Checking alignment on the Ice This method quickly and very accurately measures the alignment on the ice. It is not recommended for gluing chocks due to temperature problems, but if one chock is loose it can be easily adjusted. make a fixture using 12" x 18" piece of plywood. Mount a grooved piece similar to the piece used on the scope lengthwise on the plywood. Mount a 2" length of 1" x 1" on the scope lengthwise on the plywood. Mount a 2" length of 1" x 1" angle iron so that it is not loose but can still be rotated horizontally. to this piece vertically mount a 1/4" x 1" x 16" piece of aluminum or similar shaped rigid material. At the top of this piece fasten the scope so that it can be rotated vertically but is not loose. Wingnuts are useful for these connections. The fixture can be used under each runner without altering the scope’s position on the fixture.

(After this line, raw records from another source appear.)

(* Let $n\ge1$. There is a $\Pi^0_n$ equivalence relation on $\mathbb{N}^\mathbb{N}$, all of whose classes are countably infinite, which is not $\Sigma^0_n$-graphable.
   Context: $E$ is $\Gamma$-graphable if there is a simple undirected graph $G$ in $\Gamma$ whose connectedness relation (connected by a finite path) equals $E$. Pointclasses are lightface. *)

From Stdlib Require Import Arith List Relations.
Import ListNotations.

Inductive recf : Type :=
| RZero : recf
| RSucc : recf
| RProj : nat -> recf
| RComp : recf -> list recf -> recf
| RPrec : recf -> recf -> recf
| RMu   : recf -> recf.

(* Big-step semantics: [eval f v y] means f halts on arguments v with output y.
   Missing arguments default to 0. *)
Inductive eval : recf -> list nat -> nat -> Prop :=
| eZero v : eval RZero v 0
| eSucc v : eval RSucc v (S (hd 0 v))
| eProj i v : eval (RProj i) v (nth i v 0)
| eComp f gs v ws y : evals gs v ws -> eval f ws y -> eval (RComp f gs) v y
| ePrec0 f g v y : eval f v y -> eval (RPrec f g) (0 :: v) y
| ePrecS f g n v r y :
    eval (RPrec f g) (n :: v) r -> eval g (n :: r :: v) y ->
    eval (RPrec f g) (S n :: v) y
| eMu f v n :
    eval f (n :: v) 0 ->
    (forall m, m < n -> exists k, eval f (m :: v) (S k)) ->
    eval (RMu f) v n
with evals : list recf -> list nat -> list nat -> Prop :=
| evNil v : evals [] v []
| evCons g gs v y ys : eval g v y -> evals gs v ys -> evals (g :: gs) v (y :: ys).

Definition computable (P : nat -> bool) : Prop :=
  exists f : recf, forall k, eval f [k] (if P k then 1 else 0).

Definition cpair (a b : nat) : nat := (a + b) * (a + b + 1) / 2 + b.
Fixpoint code (s : list nat) : nat :=
  match s with [] => 0 | a :: s' => S (cpair a (code s')) end.

Definition baire := nat -> nat.
Definition prefix (x : baire) (m : nat) : list nat := map x (seq 0 m).

Definition ncons (m : nat) (x : baire) : baire :=
  fun i => match i with 0 => m | S j => x j end.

To use this method on the ice, rig, weight, and lash the shrouds as before. Find a house on the distant shore which is as far away as possible but at least 1/2 mile. Point the boat toward the house and place the fixture under one runner - say port. Observe the house through the scope and pick windows, doors or other clearly recognizable features that are approximately 8’ apart. Carefully lift the boat off the fixture and set the boat down gently. Then carefully lift the starboard runner, place the fixture under it and carefully lower the boat until the runner sets into the groove on the fixture. sight the right side of the 9’ distance and estimate the misalignment if any. Check by carefully returning the fixture to the port side and ensuring that the scope still points to the selected object. The procedure requires only a few dry runs to achieve repeatability. Although, the method appears inaccurate, an estimation error on 22’ on an 8’ width at 1 mile is slightly over 1/8? misalignment in 30’, which is acceptable. Accuracy of estimation 8’ at 1 mile using windows is much easier than it seems. Corrections can be made on the ice by shimming or swapping runners. If the distance can be determined by a map, and the 8’ estimate is accurate then you can calculate the actual toe-in or toe-out at the 30’ runner sighting distance. This toe in/out value is marked on the plank and is used when swapping runner sets. Shim tape is used on the inner (stiffer) side of the chock. It is available in .007" and .012" thickness. This is about 1/4" and 1/2" corrections at 30’.
These procedures must be done before investing in higher grade equipment, or the added expense will not produce the expected speed improvements. But an immediate performance increase will result if the above steps identify and correct any problems. As I said before this will allow you to make an existing boat fast! To make it really fast, we have to ask Jeff. Maybe he will write part II.